## Data for the task
(* Let $K\in\{\mathbb R,\mathbb C,\mathbb H\}$ and let $(E,d)$ be a metric vector space over $K$ such that $d$ is $C_0$-translation invariant and $(C_1,C_2,C_3)$-lipschitz multiplicative. Let $d_0(x,y)=\int_{\mathbb U}d(ux,uy)\,d\mu(u)$, $\delta_0(x,y)=\lim_{n\to\infty}\frac1n d_0(nx,ny)$, and $E_0=\{x\in E:\delta_0(x,0)=0\}$ (the maximal linear subspace of $E$ on which $d$ is bounded). For a class $\bar x=x+E_0\in E/E_0$ set $\|\bar x\|=\delta_0(x,0)$. Then this is independent of the representative $x$ of $\bar x$, and $\|\cdot\|:E/E_0\to\mathbb R_+$ is a norm.
   Context: A metric vector space is a topological vector space over $K$ whose topology is generated by the metric $d$. $\mathbb U=\{u\in K:|u|=1\}$, $\mu$ the right-invariant Haar probability measure on $\mathbb U$. $d$ is $C_0$-translation invariant if $d(x+z,y+z)\le d(x,y)+C_0$ for all $x,y,z$. $(C_1,C_2,C_3)$-lipschitz multiplicative ($C_1\ge1$, $C_2,C_3\ge0$) means $C_1^{-1}|\lambda|d(x,y)-C_2|\lambda|-C_3\le d(\lambda x,\lambda y)\le C_1|\lambda|d(x,y)+C_2|\lambda|+C_3$ for all $\lambda\in K$, $x,y\in E$. (Under these hypotheses the limit defining $\delta_0$ exists.) *)

From HB Require Import structures.
From mathcomp Require Import all_boot all_order all_algebra.
From mathcomp Require Import all_classical all_reals all_analysis.
Import Order.TTheory GRing.Theory Num.Theory.
Import numFieldNormedType.Exports.

Set Implicit Arguments.
Unset Strict Implicit.
Unset Printing Implicit Defensive.

Local Open Scope ring_scope.
Local Open Scope classical_set_scope.

(* K is a unital associative R-algebra equipped with an absolute value  *)
(* absK (multiplicative, definite, subadditive, extending |.| on R).   *)
(* By the Urbanik-Wright / Frobenius-Mazur theorem such a K is          *)
(* isometrically isomorphic to R, C or H.                *)

Definition is_absval (R : realType) (K : unitAlgType R) (absK : K -> R) :=
  [/\ forall x y : K, absK (x * y) = absK x * absK y,
      forall x : K, absK x = 0 <-> x = 0,
      forall x y : K, absK (x + y) <= absK x + absK y
    & forall r : R, absK (r *: (1 : K)) = `|r| ].

(* carrier of K, seen as a pointed type (needed for the Borel sigma-algebra) *)
Definition Kpt (R : realType) (K : unitAlgType R) : Type := K.
HB.instance Definition _ (R : realType) (K : unitAlgType R) :=
  Choice.on (Kpt K).
HB.instance Definition _ (R : realType) (K : unitAlgType R) :=
  isPointed.Build (Kpt K) (0 : K).

Definition Kopen (R : realType) (K : unitAlgType R) (absK : K -> R)
  : set (set (Kpt K)) :=
  [set A | forall x : K, A x ->
     exists2 e : R, 0 < e & forall y : K, absK (y - x) < e -> A y].

Definition KBorel (R : realType) (K : unitAlgType R) (absK : K -> R) :=
  g_sigma_algebraType (Kopen absK).

Definition Usph (R : realType) (K : unitAlgType R) (absK : K -> R)
  : set (KBorel absK) := [set u | absK u = 1].
Arguments Usph {R K} absK _.

Definition right_haar_on_U (R : realType) (K : unitAlgType R) (absK : K -> R)
  (mu : probability (KBorel absK) R) :=
  mu (Usph absK) = 1%E /\
  forall v : K, absK v = 1 ->
    forall A : set (KBorel absK), measurable A ->
      mu ((fun u : KBorel absK => (u : K) * v) @^-1` A) = mu A.

Definition is_metric (R : realType) (T : Type) (d : T -> T -> R) :=
  [/\ forall x y, 0 <= d x y,
      forall x y, d x y = 0 <-> x = y,
      forall x y, d x y = d y x
    & forall x y z, d x z <= d x y + d y z ].

Definition metric_vector_space (R : realType) (K : unitAlgType R)
  (absK : K -> R) (E : lmodType K) (d : E -> E -> R) :=
  [/\ is_metric d,
      forall (x y : E) (e : R), 0 < e -> exists2 r : R, 0 < r &
        forall x' y' : E, d x x' < r -> d y y' < r -> d (x + y) (x' + y') < e
    & forall (l : K) (x : E) (e : R), 0 < e -> exists2 r : R, 0 < r &
        forall (l' : K) (x' : E), absK (l - l') < r -> d x x' < r ->
          d (l *: x) (l' *: x') < e ].

Definition translation_invariant_up_to (R : realType) (E : zmodType)
  (d : E -> E -> R) (C0 : R) :=
  forall x y z : E, d (x + z) (y + z) <= d x y + C0.

Definition lipschitz_multiplicative (R : realType) (K : unitAlgType R)
  (absK : K -> R) (E : lmodType K) (d : E -> E -> R) (C1 C2 C3 : R) :=
  [/\ 1 <= C1, 0 <= C2, 0 <= C3 &
      forall (l : K) (x y : E),
        C1^-1 * absK l * d x y - C2 * absK l - C3 <= d (l *: x) (l *: y) /\
        d (l *: x) (l *: y) <= C1 * absK l * d x y + C2 * absK l + C3 ].

Definition d0 (R : realType) (K : unitAlgType R) (absK : K -> R)
  (mu : probability (KBorel absK) R) (E : lmodType K) (d : E -> E -> R)
  (x y : E) : R :=
  fine (\int[mu]_(u in Usph absK) (d ((u : K) *: x) ((u : K) *: y))%:E)%E.

Definition delta0 (R : realType) (K : unitAlgType R) (absK : K -> R)
  (mu : probability (KBorel absK) R) (E : lmodType K) (d : E -> E -> R)
  (x y : E) : R :=
  limn ((fun n : nat => n%:R^-1 * d0 mu d (x *+ n) (y *+ n)) : R^nat).

Definition E0 (R : realType) (K : unitAlgType R) (absK : K -> R)
  (mu : probability (KBorel absK) R) (E : lmodType K) (d : E -> E -> R)
  : set E := [set x | delta0 mu d x 0 = 0].

(* Averaging d over the unit sphere U keeps translation invariance up to C0
   and Lipschitz multiplicativity, and makes the distance U-invariant since mu
   is right invariant.  Then n |-> d0(nx, 0) is subadditive up to C0, so by
   Fekete's lemma d0(nx, 0) / n converges; the limit delta0(x, 0) is
   subadditive, U-invariant and homogeneous for integer multiples, and
   satisfies delta0(s x, 0) <= C1 s delta0(x, 0) for reals s >= 0.
   Approximating n t by its integer part upgrades this to homogeneity for
   reals t >= 0, and the polar decomposition l = |l| (l / |l|) gives
   delta0(l x, 0) = |l| delta0(x, 0).  A nonnegative subadditive absolutely
   homogeneous function is a seminorm: its kernel E0 is a subspace and it is
   constant on the cosets of E0. *)

From HB Require Import structures.
From mathcomp Require Import all_boot all_order all_algebra.
From mathcomp Require Import all_classical all_reals all_analysis.
From mathcomp Require Import ring lra.
Import Order.TTheory GRing.Theory Num.Theory.
Import numFieldNormedType.Exports.
Set Implicit Arguments.
Unset Strict Implicit.
Unset Printing Implicit Defensive.

Local Open Scope ring_scope.
Local Open Scope classical_set_scope.

Section Sequences.
Variable R : realType.

Lemma cvg_divn (c : R) : c / n%:R @[n --> \oo] --> 0.
Proof.
have n_gt0 : \forall n \near \oo, (0 : R) < n%:R.
  by near=> n; rewrite ltr0n; near: n; exact: nbhs_infty_gt.
have /(gtr0_cvgV0 n_gt0) inv_cvg0 := @cvgr_idn R.
by rewrite -(mulr0 c); apply: cvgM => //; exact: cvg_cst.
Unshelve. all: by end_near. Qed.

Lemma le0_nat_mul_bounded (x c : R) : (forall n, n%:R * x <= c) -> x <= 0.
Proof.
move=> bnd; rewrite leNgt; apply/negP => x_gt0.
have := bnd (Num.truncn (c / x)).+1.
rewrite -ler_pdivlMr // leNgt => /negP; apply.
by rewrite (lt_le_trans (truncnS_gt _)) // -natr1.
Qed.

Section Fekete.
Variables (a : R^nat) (c : R).
Hypotheses (c_ge0 : 0 <= c) (a_ge0 : forall n, 0 <= a n)
  (a_subadd : forall m n, a (m + n)%N <= a m + a n + c).

Let b n := a n + c.

Let b_ge0 n : 0 <= b n. Proof. by rewrite addr_ge0. Qed.

Let b_muladd q m r : b (q * m + r)%N <= q%:R * b m + b r.
Proof.
elim: q => [|q IH]; first by rewrite mul0n add0n mul0r add0r.
rewrite mulSn -addnA mulrSr; apply: (le_trans (y := b m + b (q * m + r)%N)).
  by rewrite /b; have := a_subadd m (q * m + r); lra.
by lra.
Qed.

Let b_div_le m n : (0 < m)%N -> (0 < n)%N ->
  b n / n%:R <= b m / m%:R + (\sum_(r < m) b r) / n%:R.
Proof.
move=> m_gt0 n_gt0; have n_gt0' : (0 : R) < n%:R by rewrite ltr0n.
have m_gt0' : (0 : R) < m%:R by rewrite ltr0n.
rewrite ler_pdivrMr // mulrDl divfK ?gt_eqF //.
apply: (le_trans (y := (n %/ m)%:R * b m + b (n %% m))).
  by rewrite {1}(divn_eq n m) b_muladd.
apply: lerD; last first.
  by rewrite (bigD1 (Ordinal (ltn_pmod n m_gt0))) //= lerDl sumr_ge0.
have -> : b m / m%:R * n%:R = n%:R / m%:R * b m by ring.
by rewrite ler_wpM2r // ler_pdivlMr // -natrM ler_nat leq_trunc_div.
Qed.

Lemma fekete_cvg :
  a n / n%:R @[n --> \oo] --> inf [set (a n + c) / n%:R | n in [set n | (0 < n)%N]].
Proof.
set S := [set _ | _ in _].
have S_lb : lbound S 0 by move=> _ [n _ <-]; rewrite divr_ge0 ?addr_ge0.
have S_inf : has_inf S by split; [exists (b 1%N / 1%:R), 1%N | exists 0].
apply/cvgrPdist_lt => e e_gt0; have e2_gt0 : 0 < e / 2 by rewrite divr_gt0.
have [_ [m /= m_gt0 <-] bm_lt] := inf_adherent e2_gt0 S_inf.
have {}bm_lt : b m / m%:R < inf S + e / 2 := bm_lt.
near=> n.
have n_gt0 : (0 < n)%N by near: n; exact: nbhs_infty_gt.
have inf_le : inf S <= b n / n%:R by apply: (ge_inf S_inf.2); exists n.
have bn_le := @b_div_le m n m_gt0 n_gt0.
have sum_small : (\sum_(r < m) b r) / n%:R < e / 2.
  by near: n; exact: cvgr_lt (cvg_divn _) _ _.
have c_small : c / n%:R < e by near: n; exact: cvgr_lt (cvg_divn _) _ _.
have c_ge0' : 0 <= c / n%:R by rewrite divr_ge0.
have -> : a n / n%:R = b n / n%:R - c / n%:R by rewrite /b mulrDl addrK.
by rewrite ltr_norml; apply/andP; split; lra.
Unshelve. all: by end_near. Qed.

End Fekete.
End Sequences.

Section RealHomogeneity.
Variables (R : realType) (K : unitAlgType R) (E : lmodType K) (N : E -> R) (C : R).
Hypotheses (C_ge0 : 0 <= C) (N_ge0 : forall x, 0 <= N x)
  (N_subadd : forall x y, N (x + y) <= N x + N y) (NN : forall x, N (- x) = N x)
  (N_natmul : forall x n, N (x *+ n) = n%:R * N x)
  (N_scale_le : forall s x, 0 <= s <= 1 -> N (s%:A *: x) <= C * s * N x).

Let natmul_scale (x : E) n : x *+ n = (n%:R)%:A *: x.
Proof. by rewrite scaler_nat -scalerMnl scale1r. Qed.

Let natmul_approx_le t x n : 0 <= t ->
  n%:R * `|N (t%:A *: x) - t * N x| <= (C + 1) * N x.
Proof.
move=> t_ge0; have nt_ge0 : 0 <= n%:R * t by rewrite mulr_ge0.
set m := Num.truncn (n%:R * t); set s := n%:R * t - m%:R.
have /andP[m_le m_gt] := truncn_itv nt_ge0; rewrite -/m in m_le m_gt.
have s_ge0 : 0 <= s by rewrite subr_ge0.
have s_le1 : s <= 1 by rewrite /s; rewrite -natr1 in m_gt; lra.
have split_nt : (t%:A *: x) *+ n = x *+ m + s%:A *: x.
  rewrite !natmul_scale scalerA -scalerDl; congr (_ *: x).
  by rewrite -scalerAl mul1r scalerA -scalerDl /s addrC subrK.
have Nsx_le : N (s%:A *: x) <= C * N x.
  have := @N_scale_le s x; rewrite s_ge0 s_le1 => /(_ isT) /le_trans; apply.
  by rewrite -mulrA ler_wpM2l // ler_piMl.
have upper : n%:R * N (t%:A *: x) <= m%:R * N x + C * N x.
  rewrite -N_natmul split_nt -N_natmul.
  by apply: (le_trans (N_subadd _ _)); rewrite lerD2l.
have lower : m%:R * N x <= n%:R * N (t%:A *: x) + C * N x.
  rewrite -!N_natmul (_ : x *+ m = (t%:A *: x) *+ n - s%:A *: x).
    by apply: (le_trans (N_subadd _ _)); rewrite NN lerD2l.
  by rewrite split_nt addrK.
have ntN : n%:R * (t * N x) = m%:R * N x + s * N x.
  by rewrite mulrA -mulrDl /s addrC subrK.
have sN_le : s * N x <= N x by rewrite ler_piMl.
have sN_ge0 : 0 <= s * N x by rewrite mulr_ge0.
rewrite -[n%:R]ger0_norm // -normrM mulrBr ler_norml; apply/andP; split; lra.
Qed.

Lemma real_homogeneous t x : 0 <= t -> N (t%:A *: x) = t * N x.
Proof.
move=> t_ge0; apply/eqP; rewrite -subr_eq0 -normr_le0.
apply: (@le0_nat_mul_bounded _ _ ((C + 1) * N x)) => n.
exact: natmul_approx_le.
Qed.

End RealHomogeneity.

Section AbsoluteValue.
Variables (R : realType) (K : unitAlgType R) (absK : K -> R).
Hypothesis absK_absval : is_absval absK.

Lemma absvalM x y : absK (x * y) = absK x * absK y.
Proof. by case: absK_absval. Qed.

Lemma absval_eq0 x : absK x = 0 <-> x = 0.
Proof. by case: absK_absval. Qed.

Lemma absvalD x y : absK (x + y) <= absK x + absK y.
Proof. by case: absK_absval. Qed.

Lemma absval_scale1 (r : R) : absK (r%:A) = `|r|.
Proof. by case: absK_absval. Qed.

Lemma absval0 : absK 0 = 0.
Proof. exact/absval_eq0. Qed.

Lemma absvalN1 : absK (-1) = 1.
Proof. by rewrite -scaleN1r absval_scale1 normrN normr1. Qed.

Lemma absvalN x : absK (- x) = absK x.
Proof. by rewrite -mulN1r absvalM absvalN1 mul1r. Qed.

Lemma absval_ge0 x : 0 <= absK x.
Proof. by have := absvalD x (- x); rewrite subrr absval0 absvalN; lra. Qed.

Lemma absvalB x y : absK (x - y) = absK (y - x).
Proof. by rewrite -absvalN opprB. Qed.

Lemma absval_lipschitz x y : `|absK x - absK y| <= absK (x - y).
Proof.
rewrite ler_norml; apply/andP; split.
  by have := absvalD (y - x) x; rewrite subrK absvalB; lra.
by have := absvalD (x - y) y; rewrite subrK; lra.
Qed.

Lemma absvalZ (r : R) x : absK (r *: x) = `|r| * absK x.
Proof. by rewrite -[x]mul1r scalerAl absvalM absval_scale1 mul1r. Qed.

Lemma absval_polar l : l != 0 ->
  exists2 v, absK v = 1 & l = (absK l)%:A * v.
Proof.
move=> l_neq0; have l_gt0 : 0 < absK l.
  by rewrite lt_def absval_ge0 andbT; apply: contra_neq l_neq0 => /absval_eq0.
exists ((absK l)^-1 *: l).
  by rewrite absvalZ ger0_norm ?invr_ge0 ?absval_ge0 // mulVf ?gt_eqF.
by rewrite -scalerAl mul1r scalerA divff ?gt_eqF // scale1r.
Qed.

End AbsoluteValue.

Section Metric.
Variables (R : realType) (T : Type) (d : T -> T -> R).
Hypothesis d_metric : is_metric d.

Lemma dist_ge0 x y : 0 <= d x y.
Proof. by case: d_metric. Qed.

Lemma dist_refl x : d x x = 0.
Proof. by case: d_metric => _ /(_ x x) [_ ->]. Qed.

Lemma distC x y : d x y = d y x.
Proof. by case: d_metric. Qed.

Lemma dist_triangle x y z : d x z <= d x y + d y z.
Proof. by case: d_metric. Qed.

Lemma dist_lipschitz x y x' y' : `|d x y - d x' y'| <= d x x' + d y y'.
Proof.
have := dist_triangle x x' y; have := dist_triangle x' y' y.
have := dist_triangle x' x y'; have := dist_triangle x y y'.
rewrite (distC x' x) (distC y' y) ler_norml => *; apply/andP; split; lra.
Qed.

End Metric.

## How to complete this task
All that belongs in your answer is the stretch of entries above from the line with "exact: natmul_approx_le." through the line with "have := dist_triangle x' x", printed exactly.

## Answer to the problem
exact: natmul_approx_le.
Qed.

End RealHomogeneity.

Section AbsoluteValue.
Variables (R : realType) (K : unitAlgType R) (absK : K -> R).
Hypothesis absK_absval : is_absval absK.

Lemma absvalM x y : absK (x * y) = absK x * absK y.
Proof. by case: absK_absval. Qed.

Lemma absval_eq0 x : absK x = 0 <-> x = 0.
Proof. by case: absK_absval. Qed.

Lemma absvalD x y : absK (x + y) <= absK x + absK y.
Proof. by case: absK_absval. Qed.

Lemma absval_scale1 (r : R) : absK (r%:A) = `|r|.
Proof. by case: absK_absval. Qed.

Lemma absval0 : absK 0 = 0.
Proof. exact/absval_eq0. Qed.

Lemma absvalN1 : absK (-1) = 1.
Proof. by rewrite -scaleN1r absval_scale1 normrN normr1. Qed.

Lemma absvalN x : absK (- x) = absK x.
Proof. by rewrite -mulN1r absvalM absvalN1 mul1r. Qed.

Lemma absval_ge0 x : 0 <= absK x.
Proof. by have := absvalD x (- x); rewrite subrr absval0 absvalN; lra. Qed.

Lemma absvalB x y : absK (x - y) = absK (y - x).
Proof. by rewrite -absvalN opprB. Qed.

Lemma absval_lipschitz x y : `|absK x - absK y| <= absK (x - y).
Proof.
rewrite ler_norml; apply/andP; split.
  by have := absvalD (y - x) x; rewrite subrK absvalB; lra.
by have := absvalD (x - y) y; rewrite subrK; lra.
Qed.

Lemma absvalZ (r : R) x : absK (r *: x) = `|r| * absK x.
Proof. by rewrite -[x]mul1r scalerAl absvalM absval_scale1 mul1r. Qed.

Lemma absval_polar l : l != 0 ->
  exists2 v, absK v = 1 & l = (absK l)%:A * v.
Proof.
move=> l_neq0; have l_gt0 : 0 < absK l.
  by rewrite lt_def absval_ge0 andbT; apply: contra_neq l_neq0 => /absval_eq0.
exists ((absK l)^-1 *: l).
  by rewrite absvalZ ger0_norm ?invr_ge0 ?absval_ge0 // mulVf ?gt_eqF.
by rewrite -scalerAl mul1r scalerA divff ?gt_eqF // scale1r.
Qed.

End AbsoluteValue.

Section Metric.
Variables (R : realType) (T : Type) (d : T -> T -> R).
Hypothesis d_metric : is_metric d.

Lemma dist_ge0 x y : 0 <= d x y.
Proof. by case: d_metric. Qed.

Lemma dist_refl x : d x x = 0.
Proof. by case: d_metric => _ /(_ x x) [_ ->]. Qed.

Lemma distC x y : d x y = d y x.
Proof. by case: d_metric. Qed.

Lemma dist_triangle x y z : d x z <= d x y + d y z.
Proof. by case: d_metric. Qed.

Lemma dist_lipschitz x y x' y' : `|d x y - d x' y'| <= d x x' + d y y'.
Proof.
have := dist_triangle x x' y; have := dist_triangle x' y' y.
have := dist_triangle x' x y'; have := dist_triangle x y y'.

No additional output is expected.